Este artigo aprofunda a seleção de ervas brasileiras e suas propriedades aromáticas e energéticas, trazendo descrições, usos práticos e orientações para uso seguro em produtos artesanais. A proposta é unir o saber tradicional (o famoso “conhecimento de vó”) com uma linguagem técnica acessível, para que mesmo quem está começando consiga aplicar as informações no dia a dia.
Como escolher ervas brasileiras para uso aromático e energético
Ao selecionar uma erva para cosmética natural, saboaria, incensaria ou perfumaria, vale observar quatro pontos principais:
- Perfil aromático: cheiro fresco, cítrico, resinoso, amadeirado, floral, herbal, especiado etc.
- Propriedades energéticas: tradicionalmente associadas à limpeza energética, proteção, prosperidade, amor, calma, foco, vitalidade.
- Segurança de uso: se pode ser aplicada na pele, se deve ser usada somente em defumações/ambiente, se há restrições (gestantes, crianças, peles sensíveis).

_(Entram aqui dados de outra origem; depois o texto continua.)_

(* Let $\mathrm{R}$ be a real closed field, $P,Q,R,S\in\mathrm{R}[X]$ with $P,Q$ not both $0$ and $R,S$ not both $0$, and $a,b\in\mathrm{R}$ with $a<b$. If neither $a$ nor $b$ is a bad number for $P,Q,R,S$, then $$\mathrm{Ind}_a^b(PR-QS,\,PS+QR)=\mathrm{Ind}_a^b(P,Q)+\mathrm{Ind}_a^b(R,S)-\mathrm{Var}_a^b(PS+QR,\,QS).$$
   Context: For nonzero $P\in\mathrm{R}[X]$ and $x\in\mathrm{R}$ write uniquely $P=(X-x)^{\mathrm{mult}_x(P)}P_x$ with $P_x(x)\neq0$. For $P\ne0$, $Q\neq0$ set $\mathrm{val}_x(P/Q)=\mathrm{mult}_x(P)-\mathrm{mult}_x(Q)$, and $\mathrm{val}_x(0/Q)=+\infty$. $\mathrm{Sign}(P,Q,x)=\mathrm{sign}(P_x(x)Q_x(x))$ if $P\ne0$, $Q\ne0$ and $\mathrm{val}_x(P/Q)=0$, and $0$ otherwise. $\mathrm{Var}_a^b(P,Q)=-\tfrac12\mathrm{Sign}(P,Q,a)+\tfrac12\mathrm{Sign}(P,Q,b)$. $\mathrm{Ind}^+_x(P,Q)=\tfrac12\,\mathrm{sign}(P_x(x)Q_x(x))$ and $\mathrm{Ind}^-_x(P,Q)=\tfrac12(-1)^{\mathrm{val}_x(P/Q)}\mathrm{sign}(P_x(x)Q_x(x))$ if $P\ne0$, $Q\neq0$ and $\mathrm{val}_x(P/Q)<0$, both $0$ otherwise; $\mathrm{Ind}_x=\mathrm{Ind}^+_x-\mathrm{Ind}^-_x$; for $a<b$, $\mathrm{Ind}_a^b(P,Q)=\mathrm{Ind}_a^+(P,Q)+\sum_{x\in(a,b)}\mathrm{Ind}_x(P,Q)-\mathrm{Ind}_b^-(P,Q)$. A number $c\in\mathrm{R}$ is a bad number for $P,Q,R,S$ if $Q\ne0$, $S\neq0$, $\mathrm{val}_c(P/Q)=\mathrm{val}_c(R/S)<0$ and $\mathrm{val}_c((PS+QR)/(QS))=0$. *)

From mathcomp Require Import all_boot all_order all_algebra.
From mathcomp Require Import polyrcf.
Set Implicit Arguments. Unset Strict Implicit. Unset Printing Implicit Defensive.
Import Order.TTheory GRing.Theory Num.Theory.
Local Open Scope ring_scope.

Section Defs.
Variable F : rcfType.
Implicit Types (P Q R S : {poly F}) (x a b c : F).

(* mult_x(P): multiplicity of x as a root of P (meaningful for P != 0). *)
Definition mult x P : nat := mup x P.

Definition cofac x P : {poly F} := P %/ (('X - x%:P) ^+ mult x P).

(* val_x(P/Q) for Q != 0; None encodes +oo (the case P = 0). *)
Definition val x P Q : option int :=
  if P == 0 then None else Some ((mult x P)%:Z - (mult x Q)%:Z).

Definition Sign P Q x : F :=
  if [&& P != 0, Q != 0 & val x P Q == Some 0]
  then Num.sg ((cofac x P).[x] * (cofac x Q).[x]) else 0.

Definition Var a b P Q : F :=
  - (2%:R^-1) * Sign P Q a + 2%:R^-1 * Sign P Q b.

Definition val_neg x P Q : bool :=
  if val x P Q is Some v then (v < 0) else false.

Definition Indp x P Q : F :=
  if (P != 0) && (Q != 0) && val_neg x P Q
  then 2%:R^-1 * Num.sg ((cofac x P).[x] * (cofac x Q).[x]) else 0.

Definition Indm x P Q : F :=
  if (P != 0) && (Q != 0) && val_neg x P Q
  then 2%:R^-1 * ((-1) ^ ((mult x P)%:Z - (mult x Q)%:Z))
       * Num.sg ((cofac x P).[x] * (cofac x Q).[x]) else 0.

Definition Indx x P Q : F := Indp x P Q - Indm x P Q.

(* Ind_x(P,Q) can only be nonzero when Q != 0 and Q(x) = 0, so the
   (finitely supported) sum over (a,b) is taken over the roots of Q
   in the open interval ]a,b[ ([roots Q a b], the sorted uniq list of
   them; empty when Q = 0). *)
Definition IndI a b P Q : F :=
  Indp a P Q + \sum_(x <- roots Q a b) Indx x P Q - Indm b P Q.

Definition bad c P Q R S : Prop :=
  Q != 0 /\ S != 0 /\
  (exists v : int, [/\ val c P Q = Some v, val c R S = Some v & v < 0]) /\
  val c (P * S + Q * R) (Q * S) = Some 0.

End Defs.

(* Near a point x a nonzero polynomial A is c (X - x)^m with c(x) <> 0, so its germ on
   the right of x is described by the order m and the sign of c(x), and its germ on the
   left by m and the sign of (-1)^m c(x).  Either description is a signed valuation:
   orders add and signs multiply in products, and a sum keeps the leading term of the
   summand of smaller order, or of both summands when orders and signs agree.
   Ind^+_x and Ind^-_x are half the sign of the pole of P/Q for these two valuations.

   With f = P/Q and g = R/S, (PR - QS)/(PS + QR) = (fg - 1)/(f + g) is the cotangent
   addition formula.  A case analysis on which of f and g has a pole shows that for any
   signed valuation the pole sign of (fg - 1)/(f + g) is the sum of those of f and g,
   minus the sign of f + g = N/D, plus that sign again when N/D is a unit, the last
   correction being absent exactly at bad points.  Summed over ]a, b[, the unit terms
   cancel at interior points, the signs of N D telescope (the left sign at a root equals
   the right sign at the previous one), and what remains at the ends is -Var. *)

From Pilot Require Import Defs.
From mathcomp Require Import all_boot all_order all_algebra.
From mathcomp Require Import polyrcf polyorder zify ring lra.
Set Implicit Arguments. Unset Strict Implicit. Unset Printing Implicit Defensive.
Import Order.TTheory GRing.Theory Num.Theory.
Local Open Scope ring_scope.

(** * Signed valuations and the local identity *)

Section SignedValuation.
Variables (T : idomainType) (mu : T -> nat) (sb : T -> bool).
Implicit Types A B C P Q R S : T.

Definition same_lead C A := [/\ C != 0, mu C = mu A & sb C = sb A].

Record signed_valuation : Prop := SignedValuation {
  muM : forall A B, A != 0 -> B != 0 -> mu (A * B) = (mu A + mu B)%N;
  sbM : forall A B, A != 0 -> B != 0 -> sb (A * B) = sb A (+) sb B;
  same_lead_add_lt : forall A B, A != 0 -> B != 0 -> (mu A < mu B)%N ->
    same_lead (A + B) A;
  same_lead_add_eq : forall A B, A != 0 -> B != 0 -> mu A = mu B -> sb A = sb B ->
    same_lead (A + B) A;
  muD_ge : forall A B, A != 0 -> B != 0 -> A + B != 0 ->
    (minn (mu A) (mu B) <= mu (A + B))%N }.

Definition germ_sgn C : int := if C == 0 then 0 else (-1) ^+ sb C.

Definition jump A B : int :=
  if [&& A != 0, B != 0 & (mu A < mu B)%N] then (-1) ^+ (sb A (+) sb B) else 0.

Definition unit_sgn A B : int :=
  if [&& A != 0, B != 0 & mu A == mu B] then (-1) ^+ (sb A (+) sb B) else 0.

Definition bad_germ P Q R S :=
  [&& [&& P != 0, Q != 0, R != 0 & S != 0], (mu P < mu Q)%N,
      (mu P + mu S == mu R + mu Q)%N, P * S + Q * R != 0 &
      mu (P * S + Q * R) == (mu Q + mu S)%N].

Lemma jump0l B : jump 0 B = 0. Proof. by rewrite /jump eqxx. Qed.
Lemma jump0r A : jump A 0 = 0. Proof. by rewrite /jump eqxx andbF. Qed.
Lemma unit_sgn0l B : unit_sgn 0 B = 0. Proof. by rewrite /unit_sgn eqxx. Qed.
Lemma unit_sgn0r A : unit_sgn A 0 = 0. Proof. by rewrite /unit_sgn eqxx andbF. Qed.
Lemma germ_sgn0 : germ_sgn 0 = 0. Proof. by rewrite /germ_sgn eqxx. Qed.

Lemma jump_ge A B : (mu B <= mu A)%N -> jump A B = 0.
Proof. by move=> le; rewrite /jump ltnNge le !andbF. Qed.

Lemma jumpE A B : A != 0 -> B != 0 ->
  jump A B = if (mu A < mu B)%N then (-1) ^+ (sb A (+) sb B) else 0.
Proof. by move=> nA nB; rewrite /jump nA nB. Qed.

Lemma unit_sgnE A B : A != 0 -> B != 0 ->
  unit_sgn A B = if mu A == mu B then (-1) ^+ (sb A (+) sb B) else 0.
Proof. by move=> nA nB; rewrite /unit_sgn nA nB. Qed.

Lemma unit_sgn_neq A B : mu A != mu B -> unit_sgn A B = 0.
Proof. by move=> ne; rewrite /unit_sgn (negbTE ne) !andbF. Qed.

Hypothesis sv : signed_valuation.

Lemma germ_sgnM A B : germ_sgn (A * B) = germ_sgn A * germ_sgn B.
Proof.
rewrite /germ_sgn mulf_eq0.
have [_|nA] := eqVneq A 0; first by rewrite mul0r.
have [_|nB] := eqVneq B 0; first by rewrite mulr0.
by rewrite (sbM sv nA nB) signr_addb.
Qed.

Let n1 : (1 : T) != 0. Proof. exact: oner_neq0. Qed.
Let nN1 : (-1 : T) != 0. Proof. by rewrite oppr_eq0 oner_eq0. Qed.

Lemma mu1 : mu 1 = 0%N.
Proof. by have := muM sv n1 n1; rewrite mulr1; lia. Qed.

Lemma muN1 : mu (-1) = 0%N.
Proof. by have := muM sv nN1 nN1; rewrite mulrNN mulr1 mu1; lia. Qed.

Lemma sbN1 : sb (-1) = true.
Proof.
have sb1 : sb 1 = false by have := sbM sv n1 n1; rewrite mulr1 addbb.
apply: contraT => /negbTE sbN1F.
have [] := same_lead_add_eq sv n1 nN1 _ _; rewrite ?mu1 ?muN1 ?sb1 //.
by rewrite subrr eqxx.
Qed.

Lemma muN A : mu (- A) = mu A.
Proof.
have [->|nA] := eqVneq A 0; first by rewrite oppr0.
by rewrite -mulN1r (muM sv nN1 nA) muN1.
Qed.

- Forma de uso: fresca, seca, em pó, em óleo essencial, em tintura (álcool), em óleo vegetal (infusão oleosa) ou em água (infusão/decocção).
Não é preciso usar todas as formas ao mesmo tempo; o mais importante é combinar intenção energética com função cosmética e segurança.

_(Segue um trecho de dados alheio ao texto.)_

(* If $\gamma>-1/2$ and $\tau\in\mathbb{R}$, then the entire function $z\mapsto {}_1F_1(\gamma+i\tau;2\gamma+1;iz)e^{-iz/2}$ belongs to the Hermite–Biehler class.
   Context: The Hermite–Biehler class is the set of entire functions $E$ having no zeros in the upper half-plane $\{\operatorname{Im} z>0\}$ and satisfying $|E(z)|\ge|E(\bar z)|$ for $\operatorname{Im} z>0$. ${}_1F_1(\alpha;\beta;z)=\sum_{k\ge0}\frac{(\alpha)_k}{(\beta)_k}\frac{z^k}{k!}$ is the confluent hypergeometric function. *)

From Stdlib Require Import Reals.
From Coquelicot Require Import Coquelicot.
Open Scope C_scope.

Fixpoint poch (a : C) (k : nat) : C :=
  match k with
  | O => 1
  | S k' => poch a k' * (a + RtoC (INR k'))
  end.

Definition hyp1F1_term (a b z : C) (k : nat) : C :=
  poch a k / poch b k * (z ^ k) / RtoC (INR (Factorial.fact k)).

Definition hyp1F1 (a b z : C) : C :=
  lim (T := C_CompleteNormedModule) (filtermap (sum_n (hyp1F1_term a b z)) eventually).

Definition cexp (w : C) : C :=
  (exp (Re w) * cos (Im w), exp (Re w) * sin (Im w))%R.

Definition entire (f : C -> C) : Prop :=
  forall z : C, @ex_derive C_AbsRing C_NormedModule f z.

Definition hermite_biehler (E : C -> C) : Prop :=
  entire E /\
  (forall z : C, (0 < Im z)%R -> E z <> 0) /\
  (forall z : C, (0 < Im z)%R -> (Cmod (E (Cconj z)) <= Cmod (E z))%R).

(** Write [a = gamma + i tau], [b = 2 gamma + 1] and [E(z) = 1F1(a;b;iz) e^(-iz/2)].
    Kummer's equation turns into [z E'' + b E' + (z/4 + tau + i/2) E = 0]. The combination
    [G(z) = conj(a) E(z) + a conj(E(conj z))] has real Taylor coefficients, solves
    [z G'' + 2 gamma G' + (z/4 + tau) G = 0], and [G' = -i/2 (conj(a) E(z) - a conj(E(conj z)))], so that
    [Im (G'(z) conj(G(z))) = (|a E(conj z)|^2 - |a E(z)|^2) / 2].
    Along a ray [t |-> t z] with [Im z > 0], the quantity [t^(2 gamma) Im (G'(tz) conj(G(tz)))] has derivative
    [- t^(2 gamma) Im z (|G|^2/4 + |G'|^2) <= 0] and is [O(t^(2 gamma + 1))] at [0], since [G(0)] and
    [G'(0)] are real; as [2 gamma + 1 > 0] it is [<= 0] at [t = 1], and equality forces [G(0) = 2 gamma] and
    [G'(0) = - tau] to vanish. When [a = 0], [E(z) = e^(-iz/2)] directly. In all cases
    [|E(conj z)| < |E(z)|] for [Im z > 0], which gives both defining conditions.
    All power series have coefficients bounded by [A B^n / n!]; such bounds give convergence,
    termwise differentiation and Cauchy products on all of C. *)

From Stdlib Require Import Reals Lra Lia Psatz.
From Coquelicot Require Import Coquelicot.
Local Open Scope R_scope.
Notation fact := Factorial.fact.

Lemma exp_le_compat (x y : R) : x <= y -> exp x <= exp y.
Proof. intros [H | ->]; [left; now apply exp_increasing | now right]. Qed.

Lemma is_series_ext_eq (u v : nat -> R) (U V : R) :
  (forall n, u n = v n) -> U = V -> is_series u U -> is_series v V.
Proof. intros Huv <-. apply is_series_ext, Huv. Qed.

Lemma is_series_lincomb (u v : nat -> R) (U V a b : R) :
  is_series u U -> is_series v V -> is_series (fun n => a * u n + b * v n) (a * U + b * V).
Proof. intros Hu Hv. exact (is_series_plus _ _ _ _ (is_series_scal a _ _ Hu) (is_series_scal b _ _ Hv)). Qed.

Lemma sum_f_R0_lincomb (f g : nat -> R) (a b : R) (n : nat) :
  a * sum_f_R0 f n + b * sum_f_R0 g n = sum_f_R0 (fun k => a * f k + b * g k) n.
Proof. induction n; simpl; [ring | rewrite <- IHn; ring]. Qed.

Lemma is_series_exp_scal (A x : R) : is_series (fun n => A * x ^ n / INR (fact n)) (A * exp x).
Proof.
  pose proof (proj1 (is_pseries_R _ _ _) (is_exp_Reals x)) as Hexp.
  apply (is_series_scal A) in Hexp. revert Hexp. apply is_series_ext.
  intros n. change (A * (/ INR (fact n) * x ^ n) = A * x ^ n / INR (fact n)). unfold Rdiv. ring.
Qed.

Lemma is_series_dominated (u v : nat -> R) (V : R) :
  (forall n, Rabs (u n) <= v n) -> is_series v V ->
  ex_series (fun n => Rabs (u n)) /\ Rabs (Series u) <= V.
Proof.
  intros Huv Hv.
  assert (Habs : ex_series (fun n => Rabs (u n))).
  { apply (ex_series_le (K := R_AbsRing) (V := R_CompleteNormedModule)) with v; [|now exists V].
    intros n. change (Rabs (Rabs (u n)) <= v n). now rewrite Rabs_Rabsolu. }
  split; [exact Habs|].
  eapply Rle_trans; [now apply Series_Rabs|].
  rewrite <- (is_series_unique _ _ Hv). apply Series_le; [|now exists V].
  intros n; split; [apply Rabs_pos | apply Huv].
Qed.

Lemma Im_le_Cmod (z : C) : Rabs (Im z) <= Cmod z.
Proof.
  destruct z as [p q]. pose proof (re_le_Cmod (q, p)) as H. unfold Cmod in *. cbn in *.
  now rewrite Rplus_comm.
Qed.

Lemma Cmod_le_Re_Im (z : C) : Cmod z <= Rabs (Re z) + Rabs (Im z).
Proof.
  destruct z as [p q]. unfold Cmod, Re, Im; cbn [fst snd].
  pose proof (Rabs_pos p); pose proof (Rabs_pos q).
  rewrite <- (sqrt_pow2 (Rabs p + Rabs q)) by lra.
  apply sqrt_le_1_alt. rewrite <- (pow2_abs p), <- (pow2_abs q). nra.
Qed.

Principais categorias de ervas brasileiras por energia e aroma
A seguir, uma visão geral de grupos de ervas bastante utilizados no Brasil, com foco em aromaterapia popular, saboaria artesanal e incensaria natural.
1. Ervas de limpeza energética e purificação
Tradicionalmente usadas em banhos, defumações e sabonetes de descarrego suave, para “tirar peso”, “abrir caminho” e renovar o campo energético.
- Arruda (Ruta graveolens)
Aroma: forte, verde, marcante, ligeiramente medicinal.
Energia: proteção, quebra de mau-olhado, limpeza intensa.
Uso recomendado: defumações secas, sachês, águas de ambiente. Em cosméticos, com muito cuidado e diluição baixa, pois pode ser irritante para a pele. - Guiné (Petiveria alliacea)
Aroma: herbal intenso, levemente sulfuroso quando fresca.
Energia: proteção, corte de energias densas, foco espiritual.
Uso recomendado: defumações, banhos de descarrego (uso externo), escaldapés. Evitar uso direto em cosméticos faciais; usar baixas concentrações em sabonetes corporais, somente para peles não sensíveis. - Alecrim (Rosmarinus officinalis)
Aroma: herbal, fresco, levemente canforado.
Energia: clareza mental, proteção, ativação, vitalidade.
Uso recomendado: saboaria artesanal, tônicos capilares, incensos, sprays de ambiente, banhos energéticos. - Folha de louro (Laurus nobilis)
Aroma: herbal, levemente especiado, quente.
Energia: proteção, vitória, prosperidade, firmeza de propósito.
Uso recomendado: defumações secas, sachês, banhos, óleos de massagem quando bem diluídos.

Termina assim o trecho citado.